Instructions to follow> In the records below, locate the line containing "have V_nonincr n k : V (n + k)%N <= V n.", then output that line and all later lines exactly, through the last one.

#### Data supplied ####

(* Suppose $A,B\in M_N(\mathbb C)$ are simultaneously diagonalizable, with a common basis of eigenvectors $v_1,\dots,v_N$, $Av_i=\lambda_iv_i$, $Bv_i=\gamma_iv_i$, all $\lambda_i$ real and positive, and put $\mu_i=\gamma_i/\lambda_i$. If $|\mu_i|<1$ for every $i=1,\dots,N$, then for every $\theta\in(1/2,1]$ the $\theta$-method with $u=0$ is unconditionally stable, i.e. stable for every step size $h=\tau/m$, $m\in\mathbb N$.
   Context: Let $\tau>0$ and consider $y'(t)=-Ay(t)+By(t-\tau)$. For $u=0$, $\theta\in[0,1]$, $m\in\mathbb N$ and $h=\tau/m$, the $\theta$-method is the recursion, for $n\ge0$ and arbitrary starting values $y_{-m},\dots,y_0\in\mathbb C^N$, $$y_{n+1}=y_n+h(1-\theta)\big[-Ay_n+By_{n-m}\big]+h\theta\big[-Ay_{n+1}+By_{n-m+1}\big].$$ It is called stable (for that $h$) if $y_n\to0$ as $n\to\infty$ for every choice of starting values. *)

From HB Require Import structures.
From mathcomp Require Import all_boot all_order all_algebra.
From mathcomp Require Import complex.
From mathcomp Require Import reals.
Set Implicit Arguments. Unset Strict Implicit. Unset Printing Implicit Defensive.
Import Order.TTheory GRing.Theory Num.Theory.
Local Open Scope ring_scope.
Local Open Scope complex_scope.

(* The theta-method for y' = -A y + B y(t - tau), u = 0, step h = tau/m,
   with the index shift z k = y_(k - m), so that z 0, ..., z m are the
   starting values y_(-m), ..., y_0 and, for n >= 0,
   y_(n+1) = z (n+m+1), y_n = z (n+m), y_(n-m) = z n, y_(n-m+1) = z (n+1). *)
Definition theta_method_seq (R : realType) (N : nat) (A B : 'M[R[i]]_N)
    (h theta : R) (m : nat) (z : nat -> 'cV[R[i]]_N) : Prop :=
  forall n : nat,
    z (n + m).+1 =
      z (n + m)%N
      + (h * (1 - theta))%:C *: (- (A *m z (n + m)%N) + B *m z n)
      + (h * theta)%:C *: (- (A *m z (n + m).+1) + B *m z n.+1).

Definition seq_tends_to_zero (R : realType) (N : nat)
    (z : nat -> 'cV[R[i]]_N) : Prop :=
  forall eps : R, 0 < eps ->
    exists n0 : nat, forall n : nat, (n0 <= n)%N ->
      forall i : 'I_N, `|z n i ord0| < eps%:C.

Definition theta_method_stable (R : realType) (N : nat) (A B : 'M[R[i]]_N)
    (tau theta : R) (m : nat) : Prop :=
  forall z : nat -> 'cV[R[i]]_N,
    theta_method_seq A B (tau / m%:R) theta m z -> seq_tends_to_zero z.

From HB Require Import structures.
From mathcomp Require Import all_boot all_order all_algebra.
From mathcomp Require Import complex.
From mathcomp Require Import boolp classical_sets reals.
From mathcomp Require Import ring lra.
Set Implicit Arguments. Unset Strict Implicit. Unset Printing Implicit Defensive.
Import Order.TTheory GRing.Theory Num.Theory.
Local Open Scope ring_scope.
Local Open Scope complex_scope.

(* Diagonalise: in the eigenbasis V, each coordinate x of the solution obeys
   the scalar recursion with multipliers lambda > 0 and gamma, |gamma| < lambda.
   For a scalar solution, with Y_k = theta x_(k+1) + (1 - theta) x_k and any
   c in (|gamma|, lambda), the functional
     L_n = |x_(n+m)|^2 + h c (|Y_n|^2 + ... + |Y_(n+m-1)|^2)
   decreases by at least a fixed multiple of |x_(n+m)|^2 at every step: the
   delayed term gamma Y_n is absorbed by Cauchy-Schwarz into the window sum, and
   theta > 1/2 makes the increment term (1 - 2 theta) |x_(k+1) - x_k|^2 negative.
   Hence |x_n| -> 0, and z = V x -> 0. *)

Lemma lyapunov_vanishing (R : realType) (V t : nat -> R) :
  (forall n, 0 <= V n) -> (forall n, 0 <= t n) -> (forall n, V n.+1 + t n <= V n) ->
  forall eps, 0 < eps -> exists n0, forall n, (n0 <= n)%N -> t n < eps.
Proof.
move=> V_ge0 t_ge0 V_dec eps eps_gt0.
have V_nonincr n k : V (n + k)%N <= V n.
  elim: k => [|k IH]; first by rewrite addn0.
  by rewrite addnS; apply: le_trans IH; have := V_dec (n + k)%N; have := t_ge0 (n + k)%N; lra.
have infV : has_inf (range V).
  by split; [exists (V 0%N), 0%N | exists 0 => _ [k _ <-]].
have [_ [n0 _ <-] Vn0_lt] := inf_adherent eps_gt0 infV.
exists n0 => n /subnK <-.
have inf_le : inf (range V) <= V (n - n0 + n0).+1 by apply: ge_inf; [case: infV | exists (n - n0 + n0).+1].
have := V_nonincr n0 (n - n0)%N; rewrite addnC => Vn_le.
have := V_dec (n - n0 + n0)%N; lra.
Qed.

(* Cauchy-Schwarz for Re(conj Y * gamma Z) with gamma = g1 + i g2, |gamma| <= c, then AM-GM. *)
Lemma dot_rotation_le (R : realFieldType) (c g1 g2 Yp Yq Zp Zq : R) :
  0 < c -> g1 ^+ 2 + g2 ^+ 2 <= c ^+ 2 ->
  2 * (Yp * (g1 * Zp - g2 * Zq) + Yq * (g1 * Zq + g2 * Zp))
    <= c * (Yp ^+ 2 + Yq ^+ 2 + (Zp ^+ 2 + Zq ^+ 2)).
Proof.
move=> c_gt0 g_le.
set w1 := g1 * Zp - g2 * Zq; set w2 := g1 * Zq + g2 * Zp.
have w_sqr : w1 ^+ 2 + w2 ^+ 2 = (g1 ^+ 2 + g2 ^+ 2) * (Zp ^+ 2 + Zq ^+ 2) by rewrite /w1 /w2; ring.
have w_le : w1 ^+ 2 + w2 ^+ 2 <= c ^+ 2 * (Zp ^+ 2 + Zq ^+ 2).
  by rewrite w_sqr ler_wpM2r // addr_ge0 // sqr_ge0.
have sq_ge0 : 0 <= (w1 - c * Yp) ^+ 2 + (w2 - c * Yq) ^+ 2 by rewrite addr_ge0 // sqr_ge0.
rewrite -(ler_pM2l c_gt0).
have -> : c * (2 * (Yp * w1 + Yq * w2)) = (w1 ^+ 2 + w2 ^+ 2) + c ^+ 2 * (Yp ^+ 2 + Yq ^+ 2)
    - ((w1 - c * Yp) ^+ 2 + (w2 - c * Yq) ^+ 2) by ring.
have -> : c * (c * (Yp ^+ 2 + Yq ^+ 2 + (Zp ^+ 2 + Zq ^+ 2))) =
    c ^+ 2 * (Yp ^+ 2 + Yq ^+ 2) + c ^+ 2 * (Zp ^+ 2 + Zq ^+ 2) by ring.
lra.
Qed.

####

Answer>
have V_nonincr n k : V (n + k)%N <= V n.
  elim: k => [|k IH]; first by rewrite addn0.
  by rewrite addnS; apply: le_trans IH; have := V_dec (n + k)%N; have := t_ge0 (n + k)%N; lra.
have infV : has_inf (range V).
  by split; [exists (V 0%N), 0%N | exists 0 => _ [k _ <-]].
have [_ [n0 _ <-] Vn0_lt] := inf_adherent eps_gt0 infV.
exists n0 => n /subnK <-.
have inf_le : inf (range V) <= V (n - n0 + n0).+1 by apply: ge_inf; [case: infV | exists (n - n0 + n0).+1].
have := V_nonincr n0 (n - n0)%N; rewrite addnC => Vn_le.
have := V_dec (n - n0 + n0)%N; lra.
Qed.

(* Cauchy-Schwarz for Re(conj Y * gamma Z) with gamma = g1 + i g2, |gamma| <= c, then AM-GM. *)
Lemma dot_rotation_le (R : realFieldType) (c g1 g2 Yp Yq Zp Zq : R) :
  0 < c -> g1 ^+ 2 + g2 ^+ 2 <= c ^+ 2 ->
  2 * (Yp * (g1 * Zp - g2 * Zq) + Yq * (g1 * Zq + g2 * Zp))
    <= c * (Yp ^+ 2 + Yq ^+ 2 + (Zp ^+ 2 + Zq ^+ 2)).
Proof.
move=> c_gt0 g_le.
set w1 := g1 * Zp - g2 * Zq; set w2 := g1 * Zq + g2 * Zp.
have w_sqr : w1 ^+ 2 + w2 ^+ 2 = (g1 ^+ 2 + g2 ^+ 2) * (Zp ^+ 2 + Zq ^+ 2) by rewrite /w1 /w2; ring.
have w_le : w1 ^+ 2 + w2 ^+ 2 <= c ^+ 2 * (Zp ^+ 2 + Zq ^+ 2).
  by rewrite w_sqr ler_wpM2r // addr_ge0 // sqr_ge0.
have sq_ge0 : 0 <= (w1 - c * Yp) ^+ 2 + (w2 - c * Yq) ^+ 2 by rewrite addr_ge0 // sqr_ge0.
rewrite -(ler_pM2l c_gt0).
have -> : c * (2 * (Yp * w1 + Yq * w2)) = (w1 ^+ 2 + w2 ^+ 2) + c ^+ 2 * (Yp ^+ 2 + Yq ^+ 2)
    - ((w1 - c * Yp) ^+ 2 + (w2 - c * Yq) ^+ 2) by ring.
have -> : c * (c * (Yp ^+ 2 + Yq ^+ 2 + (Zp ^+ 2 + Zq ^+ 2))) =
    c ^+ 2 * (Yp ^+ 2 + Yq ^+ 2) + c ^+ 2 * (Zp ^+ 2 + Zq ^+ 2) by ring.
lra.
Qed.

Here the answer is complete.